The Lighthouse and eQuality Check products could prove helpful for guiding care givers, except in cases in which the Quality Dashboards for Stroke and VTE patients are not initiated. Lack of initiation of these dashboards is the next gap identified. There are many timed measures in which care needs to have been given within a few hours or a few days of hospital arrival. If the correct dashboard is not initiated, care givers will not be provided with a way to monitor measure compliance and certain points of care could be missed. Also, if a patient was admitted for one diagnosis and has a stroke during the admission, care givers will also need to remember to initiate the dashboards. Failure to do this could allow for lack of compliance with the measures.

Finally, lack of education surrounding compliance with the measures, knowledge of MU requirements, and dashboard initiation is a gap as well. The question of who does the education and what it contains has been posed to nursing and physician education leads as well as nursing informatics staff. No answer regarding this has been received from the physician lead; however, staff from the Nursing Informatics department has stated that education will be provided during staff training on the new system. The Vice President of Physician Services has been notified regarding the physician responsibilities related the measures as well as the dashboard initiation.

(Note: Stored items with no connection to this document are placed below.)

(* For every positive integer $n$: $$3\,\frac{n(n+1)}{2}\ \Big|\ \sum_{k=1}^n kD_kD_{k-1},\qquad \frac{n^2(n+1)^2}{4}\ \Big|\ \sum_{k=1}^n k^3D_kD_{k-1},$$ $$\frac{n(n+1)(n+2)}{(2,n)}\ \Big|\ \sum_{k=1}^n k(k+1)(2k+1)s_k^2,$$ and $$\frac{1}{n(n+1)(n+2)}\sum_{k=1}^n k(k+1)(2k+1)(-1)^{n-k}s_k^2=\frac{s_ns_{n+1}}{3}\in\mathbb{Z},$$ where $(2,n)$ is the greatest common divisor of $2$ and $n$.
   Context: $D_n=\sum_{k=0}^n\binom{n}{k}\binom{n+k}{k}$ is the central Delannoy number. For $m\ge k\ge1$, the Narayana number is $N(m,k)=\frac1m\binom{m}{k}\binom{m}{k-1}$, and for $m\ge1$ the little Schröder number is $s_m=\sum_{k=1}^m N(m,k)2^{m-k}$. *)

From mathcomp Require Import all_boot all_order all_algebra.
Set Implicit Arguments. Unset Strict Implicit. Unset Printing Implicit Defensive.

Definition delannoy (n : nat) : nat :=
  \sum_(0 <= k < n.+1) 'C(n, k) * 'C(n + k, k).

(* Narayana number N(m,k) = (1/m) C(m,k) C(m,k-1), for m >= k >= 1;
   the division is exact in that range. *)
Definition narayana (m k : nat) : nat := ('C(m, k) * 'C(m, k.-1)) %/ m.

Definition schroeder (m : nat) : nat :=
  \sum_(1 <= k < m.+1) narayana m k * 2 ^ (m - k).

From mathcomp Require Import all_boot all_order all_algebra.
From mathcomp Require Import ring lra zify.
Import GRing.Theory Num.Theory.

(* The expansion D_n = sum_j C(n,j)^2 2^(n-j) gives D_(n+1) = 3 D_n + 4 n s_n, and
   Zeilberger's recurrence (n+2) D_(n+2) + (n+1) D_n = 3 (2n+3) D_(n+1) then gives
   3 D_(n+1) - D_n = 4 (n+2) s_(n+1).  These two first-order relations let each of the
   four sums be evaluated in closed form by induction over Q, for instance
     4 sum_k k(k+1)(2k+1) s_k^2 = n(n+1)(n+2) (D_(n+1) s_n - D_n s_(n+1)),
     3 sum_k (-1)^(n-k) k(k+1)(2k+1) s_k^2 = n(n+1)(n+2) s_n s_(n+1).
   The divisibilities are then arithmetic of D and s: D_n is odd, and so is s_n for n > 0;
   for even n, 3 | s_n because the Narayana symmetry N(n,k) = N(n,n+1-k) pairs 2^(n-k)
   with 2^(k-1), and 2^a + 2^b = 0 mod 3 when a + b is odd; hence 3 | D_n s_n.  Finally the
   cross term D_(n+1) s_n - D_n s_(n+1) is even, and divisible by 4 when n is odd. *)

Lemma natr_eq_div {R : numFieldType} {c a b : nat} :
  0 < c -> c * a = b -> (a%:R = b%:R / c%:R :> R)%R.
Proof.
move=> c_gt0 <-; rewrite natrM mulrAC divff ?mul1r //.
by rewrite pnatr_eq0 -lt0n.
Qed.

Lemma sumn_widen (F : nat -> nat) a b : a <= b -> (forall j, a <= j -> F j = 0) ->
  \sum_(0 <= j < a) F j = \sum_(0 <= j < b) F j.
Proof.
move=> le_ab F0; rewrite [RHS](big_cat_nat (leq0n a) le_ab) /=.
rewrite [X in _ + X]big1_seq ?addn0 // => j; rewrite mem_index_iota => /andP[_ /andP[le_aj _]].
exact: F0.
Qed.
Lemma vnorm_prod_mulmx_le d (B : R) m (M : 'I_m -> 'M[C]_d.+1) :
  0 <= B -> (forall i v, vnorm (M i *m v) <= B * vnorm v) ->
  forall v, vnorm ((\prod_i M i) *m v) <= B ^+ m * vnorm v.
Proof.
move=> B_ge0; elim: m M => [|m IH] M M_le v; first by rewrite big_ord0 mul1mx mul1r.
rewrite big_ord_recl -mulmxA exprS -mulrA; apply: (le_trans (M_le _ _)).
by rewrite ler_wpM2l // (IH (fun i => M (lift ord0 i))).
Qed.

Lemma norm_mxtrace_le d (A : 'M[C]_d) (b : R) :
  (forall v, vnorm (A *m v) <= b * vnorm v) -> `|\tr A| <= (d%:R * b)%:C%C.
Proof.
move=> A_le; apply: (le_trans (ler_norm_sum _ _ _)).
rewrite rmorphM rmorph_nat /= -[d in d%:R]card_ord mulr_natl -sumr_const.
apply: ler_sum => i _; rewrite -cnormE lecR.
have -> : A i i = (A *m (delta_mx i 0 : 'cV[C]_d)) i 0.
  rewrite mxE (bigD1 i) //= mxE !eqxx mulr1 big1 ?addr0 // => j /negbTE j_neq_i.
  by rewrite mxE j_neq_i mulr0.
apply: le_trans (cnorm_le_vnorm _ _) _.
by have := A_le (delta_mx i 0); rewrite vnorm_delta mulr1.
Qed.

End VectorNorm.

Section PowerMean.
Variables (R : realFieldType) (I : finType) (a : I -> R).
Hypotheses (a_ge0 : forall i, 0 <= a i) (a_sum1 : \sum_i a i = 1).

Lemma sqr_mean_le (x : I -> R) : (\sum_i a i * x i) ^+ 2 <= \sum_i a i * x i ^+ 2.
Proof.
set mu := \sum_i a i * x i.
have var_ge0 : 0 <= \sum_i a i * (x i - mu) ^+ 2.
  by apply: sumr_ge0 => i _; rewrite mulr_ge0 ?sqr_ge0.
suff var_eq : \sum_i a i * (x i - mu) ^+ 2 = \sum_i a i * x i ^+ 2 - mu ^+ 2 by lra.
rewrite (eq_bigr (fun i => a i * x i ^+ 2 - 2 * mu * (a i * x i) + mu ^+ 2 * a i)) => [|i _].
  by rewrite big_split sumrB /= -!mulr_sumr a_sum1 -/mu; ring.
by ring.
Qed.

Lemma pow2_mean_le r (x : I -> R) :
  (\sum_i a i * x i) ^+ (2 ^ r) <= \sum_i a i * x i ^+ (2 ^ r).
Proof.
elim: r x => [|r IH] x; first by rewrite expn0.
rewrite expnS exprM; under [X in _ <= X]eq_bigr do rewrite exprM.
apply: le_trans (IH (fun i => x i ^+ 2)).
rewrite lerXn2r ?nnegrE ?sqr_ge0 ?sqr_mean_le //.
by apply: sumr_ge0 => i _; rewrite mulr_ge0 ?sqr_ge0.
Qed.

Lemma pow2_mean_le_sum r (x : I -> R) :
  (\sum_i a i * x i) ^+ (2 ^ r.+1) <= \sum_i x i ^+ (2 ^ r.+1).
Proof.
apply: (le_trans (pow2_mean_le _ _)); apply: ler_sum => i _.
apply: ler_piMl; first by rewrite expnS exprM exprn_ge0 ?sqr_ge0.
by rewrite -a_sum1 (bigD1 i) //= lerDl sumr_ge0.
Qed.

End PowerMean.

Section SpectralTrace.
Variable R : realType.
Local Notation C := R[i].
Local Open Scope sesquilinear_scope.

Lemma is_hermitian_hermsymmx d (T : 'M[C]_d) : is_hermitian T -> T \is hermsymmx.
Proof.
rewrite /is_hermitian /adjmx qualifE /= expr0 scale1r => T_herm.
by apply/eqP; rewrite -[LHS]T_herm; apply/matrixP => i j; rewrite !mxE.
Qed.

Section Normal.
Variables (d : nat) (T : 'M[C]_d).
Hypothesis T_normal : T \is normalmx.
Local Notation P := (spectralmx T).
Local Notation D := (spectral_diag T).

Lemma mxtrace_expr_normal m : \tr (T ^+ m.+1) = \sum_j D 0 j ^+ m.+1.
Proof.
have /orthomx_spectralP T_eq := T_normal.
have T_expr : T ^+ m.+1 = invmx P *m diag_mx (\row_j D 0 j ^+ m.+1) *m P.
  elim: m => [|m IH].
    by rewrite expr1 {1}T_eq; congr (_ *m diag_mx _ *m _); apply/rowP => j; rewrite mxE.
  rewrite exprS IH {1}T_eq -mulmxE -!mulmxA; congr (_ *m _).
  rewrite (mulmxA P) mulmxV ?spectral_unit // mul1mx mulmxA; congr (_ *m _).
  rewrite mul_diag_mx; apply/matrixP => i j; rewrite !mxE.
  by case: eqP; rewrite ?mulr1n ?mulr0n ?mulr0 ?exprS.
rewrite T_expr mxtrace_mulC mulmxA mulmxV ?spectral_unit // mul1mx mxtrace_diag.
by apply: eq_bigr => j _; rewrite mxE.
Qed.

Lemma mxtrace_mul_normal (rho : 'M[C]_d) :
  \tr (rho *m T) = \sum_j (P *m rho *m invmx P) j j * D 0 j.
Proof.
have /orthomx_spectralP T_eq := T_normal; rewrite {1}T_eq.
rewrite !mulmxA mxtrace_mulC !mulmxA.
by rewrite /mxtrace; apply: eq_bigr => j _; rewrite mul_mx_diag mxE.
Qed.

End Normal.

Lemma psd_conj_unitary_diag_ge0 d (rho P : 'M[C]_d) j : psd rho -> P \is unitarymx ->
  0 <= (P *m rho *m invmx P) j j.
Proof.
move=> rho_psd P_unitary; rewrite invmx_unitary //.
have := rho_psd (adjmx (row j P)); congr (0 <= _).
rewrite !mxE; apply: eq_bigr => l _; rewrite !mxE; congr (_ * _).
by apply: eq_bigr => i _; rewrite !mxE conjcK.
Qed.

Lemma sum_conj_diag d (rho P : 'M[C]_d) : P \in unitmx ->
  \sum_j (P *m rho *m invmx P) j j = \tr rho.
Proof.
by move=> P_unit; rewrite -[LHS]/(\tr _) -mulmxA mxtrace_mulC -mulmxA mulVmx // mulmx1.
Qed.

The gap analysis led to the next objective of recommending improvement suggestions lending the hospital to be in complete compliance with MU requirements related to the measure sets. There were a total of five recommendations made. The first recommendation included obtaining access to the facility’s specific build. The recommendation was for the Quality department staff, staff with a highly invested interest in the quality measure outcomes, to not only learn the basics of the system, but also be able to search out the data points that matter in the Stroke and VTE measures. Kallem (2011) believes that knowing the measures’ intricacies is important, but understanding that the method for capturing data surrounding the measures in an EHR is different and detrimental to the measure outcomes. Allowing the Quality department staff to view how the system is set up will allow for further recommendations and ultimately better outcomes.

Secondly, access to the Computerized Physician Order Entry (CPOE) system built for the hospital is another recommendation. Many of the measures are dependent upon what the physician orders. While much of the care is directed by what is ordered through the Power Plans and measures are met by nurses documented administration of medication ordered through the Power Plans, physicians documentation of reason for the care also need to be included. For example, if a required medication is not ordered, physicians are expected to document the reason why. At this point, there has been no view of what guides physicians or reminds them to document those reasons. A view of the CPOE system may help identify what is set up to help with compliance with Stroke and VTE measures.

Third, confirming the MU educational plans for nurses and physicians in regards to dashboard initiation and documentation requirements is very important. The staff are currently learning the basic documentation system and will learn more department specific functions in subsequent courses. The leads for MU are aware that this facility has not yet implemented these measures and that the staff will need education surrounding them. There has been assurance that the training will take place within the department specific courses.